%%
(* (1) For every $t\ge7$, $\mathfrak{e}^E_t\in\mathcal{E}(\mathcal{P}^{s+}_{3,5})$. (2) If $t\ge7$ and $f\in\mathcal{P}^{s+}_{3,5}$ satisfies $f(t,1,1)=f(0,1,1)=f(0,0,1)=0$, then $f=\lambda\mathfrak{e}^E_t$ for some $\lambda\ge0$. (3) $\mathfrak{e}^E_\infty=s_4\in\mathcal{E}(\mathcal{P}^{s+}_{3,5})$. (4) If $f\in\mathcal{P}^{s+}_{3,5}$ satisfies $f(0,1,1)=f(0,0,1)=f_a(0,0,1)=f_{ab}(0,0,1)=0$, then $f=\lambda s_4$ for some $\lambda\ge0$.
   Context: Let $a,b,c$ be variables. For nonnegative integers $m,n$ put $S_{m,n}=a^mb^n+b^mc^n+c^ma^n$, $S_n=S_{n,0}=a^n+b^n+c^n$, $T_{m,n}=S_{m,n}+S_{n,m}$, $U=abc$ (so $S_{1,1}=ab+bc+ca$). Let $\mathcal{H}^s_{3,5}$ be the real vector space of symmetric homogeneous polynomials of degree 5 in $\mathbb{R}[a,b,c]$; it has basis $s_0=S_5-US_{1,1}$, $s_1=T_{4,1}-2US_{1,1}$, $s_2=T_{3,2}-2US_{1,1}$, $s_3=US_2-US_{1,1}$, $s_4=US_{1,1}$. Let $\mathcal{P}^{s+}_{3,5}=\{f\in\mathcal{H}^s_{3,5}: f(a,b,c)\ge 0\text{ for all }a,b,c\ge0\}$. For a closed convex cone $\mathcal{P}$, an element $f\in\mathcal{P}\setminus\{0\}$ is extremal if whenever $f=g+h$ with $g,h\in\mathcal{P}$ we have $g,h\in\mathbb{R}_{\ge0}f$; $\mathcal{E}(\mathcal{P})$ is the set of extremal elements. Subscripts denote partial derivatives: $f_a=\partial f/\partial a$, $f_{ab}=\partial^2f/\partial a\partial b$. Family E: $\mathfrak{e}^E_t=s_1-s_2-\frac{4t^2+5t+3}{t+2}s_3+\frac{(t-1)^3}{t+2}s_4$, and $\mathfrak{e}^E_\infty=s_4$. *)

From HB Require Import structures.
From mathcomp Require Import all_boot all_order all_algebra.
From mathcomp Require Import reals.
From mathcomp Require Import mpoly.
Set Implicit Arguments. Unset Strict Implicit. Unset Printing Implicit Defensive.
Import Order.TTheory GRing.Theory Num.Theory.
Local Open Scope ring_scope.

Section Defs.
Variable R : realType.

Definition va : {mpoly R[3]} := 'X_(@Ordinal 3 0 isT).
Definition vb : {mpoly R[3]} := 'X_(@Ordinal 3 1 isT).
Definition vc : {mpoly R[3]} := 'X_(@Ordinal 3 2 isT).

Definition ia : 'I_3 := @Ordinal 3 0 isT.
Definition ib : 'I_3 := @Ordinal 3 1 isT.

Definition Smn (m n : nat) : {mpoly R[3]} :=
  va ^+ m * vb ^+ n + vb ^+ m * vc ^+ n + vc ^+ m * va ^+ n.
Definition Sn (n : nat) : {mpoly R[3]} := Smn n 0.
Definition Tmn (m n : nat) : {mpoly R[3]} := Smn m n + Smn n m.
Definition U : {mpoly R[3]} := va * vb * vc.

Definition s0 : {mpoly R[3]} := Sn 5 - U * Smn 1 1.
Definition s1 : {mpoly R[3]} := Tmn 4 1 - 2%:R *: (U * Smn 1 1).
Definition s2 : {mpoly R[3]} := Tmn 3 2 - 2%:R *: (U * Smn 1 1).
Definition s3 : {mpoly R[3]} := U * Sn 2 - U * Smn 1 1.
Definition s4 : {mpoly R[3]} := U * Smn 1 1.

Definition eE (t : R) : {mpoly R[3]} :=
  s1 - s2 - ((4%:R * t ^+ 2 + 5%:R * t + 3%:R) / (t + 2%:R)) *: s3
     + ((t - 1) ^+ 3 / (t + 2%:R)) *: s4.
Definition eE_inf : {mpoly R[3]} := s4.

Definition Hs35 (f : {mpoly R[3]}) : Prop :=
  f \is symmetric /\ f \is 5.-homog.

Definition pt3 (x y z : R) : 'I_3 -> R := fun i => nth 0 [:: x; y; z] i.

Definition Ps35plus (f : {mpoly R[3]}) : Prop :=
  Hs35 f /\ forall x : 'I_3 -> R, (forall i, 0 <= x i) -> 0 <= f.@[x].

Definition extremal (P : {mpoly R[3]} -> Prop) (f : {mpoly R[3]}) : Prop :=
  [/\ P f, f <> 0 &
    forall g h, P g -> P h -> f = g + h ->
      (exists l : R, 0 <= l /\ g = l *: f) /\ (exists l : R, 0 <= l /\ h = l *: f)].
Lemma dot_delta (R : realType) (x : 'rV[R]_3) (i : 'I_3) :
  \sum_(j < 3) ('e_i : 'rV[R]_3) 0 j * x 0 j = x 0 i.
Proof.
rewrite (bigD1 i) //= big1 => [|j nji]; first by rewrite mxE !eqxx mul1r addr0.
by rewrite mxE (negbTE nji) mul0r.
Qed.

Section Planarity.
Variables (R : realType) (m : seq bool).
Local Notation E := (mask m edge_ends).

Lemma touches_ends e : e \in E -> touches E e.1 && touches E e.2.
Proof. by move=> eE; apply/andP; split; apply/hasP; exists e; rewrite // !inE eqxx ?orbT. Qed.

Lemma on_face_planar : on_face E -> planar R (edge_set m).
Proof.
case/hasP => i; rewrite mem_iota => /andP[_ lt_i] /hasP[b _ /allP face].
exists 'e_(Ordinal lt_i), (sgn b)%:~R; split.
  by apply/eqP => /rowP/(_ (Ordinal lt_i)); rewrite !mxE !eqxx; apply/eqP; rewrite oner_eq0.
move=> v; rewrite -(vcodeK v) Vof_edge_set ?vcode_lt8 // => tv.
rewrite dot_delta cpt_vert.
have cV : vcode v \in iota 0 8 by rewrite mem_iota vcode_lt8.
by have /eqP <- := implyP (face _ cV) tv.
Qed.

Lemma spans_dirs_nonplanar : spans_dirs E -> ~ planar R (edge_set m).
Proof.
move=> /allP dirs [a [d [/eqP a_nz on_plane]]]; apply: a_nz; apply/rowP => i; rewrite mxE.
have /hasP[e eE /eqP e2] : has (fun e => e.2 == e.1 + 2 ^ i)%N E.
  by apply: dirs; rewrite mem_iota ltn_ord.
have /andP[lt1 lt2] := mask_ends_lt8 eE; have /andP[t1 t2] := touches_ends eE.
have plane c : (c < 8)%N -> touches E c -> \sum_(j < 3) a 0 j * cpt R (vert c) 0 j = d.
  by move=> lt_c tc; apply: on_plane; rewrite Vof_edge_set.
have := plane _ lt2 t2; rewrite e2 cpt_add_pow2 ?(edge_ends_dir (mem_mask eE)) //.
under eq_bigr => j _ do rewrite [X in _ * X]mxE [X in _ * (_ + X)]mxE mulrDr
  [a 0 j * (2 * _)]mulrC -mulrA.
by rewrite big_split /= plane // -mulr_sumr dot_delta; lra.
Qed.
End Planarity.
%%
- **Problem to work on**
Write down again, exactly as given, only the lines above that fall from the line with "(t + 2%:R)) *: s4." to the line with "rewrite dot_delta cpt_vert.", inclusive.

- **Answer**
     + ((t - 1) ^+ 3 / (t + 2%:R)) *: s4.
Definition eE_inf : {mpoly R[3]} := s4.

Definition Hs35 (f : {mpoly R[3]}) : Prop :=
  f \is symmetric /\ f \is 5.-homog.

Definition pt3 (x y z : R) : 'I_3 -> R := fun i => nth 0 [:: x; y; z] i.

Definition Ps35plus (f : {mpoly R[3]}) : Prop :=
  Hs35 f /\ forall x : 'I_3 -> R, (forall i, 0 <= x i) -> 0 <= f.@[x].

Definition extremal (P : {mpoly R[3]} -> Prop) (f : {mpoly R[3]}) : Prop :=
  [/\ P f, f <> 0 &
    forall g h, P g -> P h -> f = g + h ->
      (exists l : R, 0 <= l /\ g = l *: f) /\ (exists l : R, 0 <= l /\ h = l *: f)].
Lemma dot_delta (R : realType) (x : 'rV[R]_3) (i : 'I_3) :
  \sum_(j < 3) ('e_i : 'rV[R]_3) 0 j * x 0 j = x 0 i.
Proof.
rewrite (bigD1 i) //= big1 => [|j nji]; first by rewrite mxE !eqxx mul1r addr0.
by rewrite mxE (negbTE nji) mul0r.
Qed.

Section Planarity.
Variables (R : realType) (m : seq bool).
Local Notation E := (mask m edge_ends).

Lemma touches_ends e : e \in E -> touches E e.1 && touches E e.2.
Proof. by move=> eE; apply/andP; split; apply/hasP; exists e; rewrite // !inE eqxx ?orbT. Qed.

Lemma on_face_planar : on_face E -> planar R (edge_set m).
Proof.
case/hasP => i; rewrite mem_iota => /andP[_ lt_i] /hasP[b _ /allP face].
exists 'e_(Ordinal lt_i), (sgn b)%:~R; split.
  by apply/eqP => /rowP/(_ (Ordinal lt_i)); rewrite !mxE !eqxx; apply/eqP; rewrite oner_eq0.
move=> v; rewrite -(vcodeK v) Vof_edge_set ?vcode_lt8 // => tv.
rewrite dot_delta cpt_vert.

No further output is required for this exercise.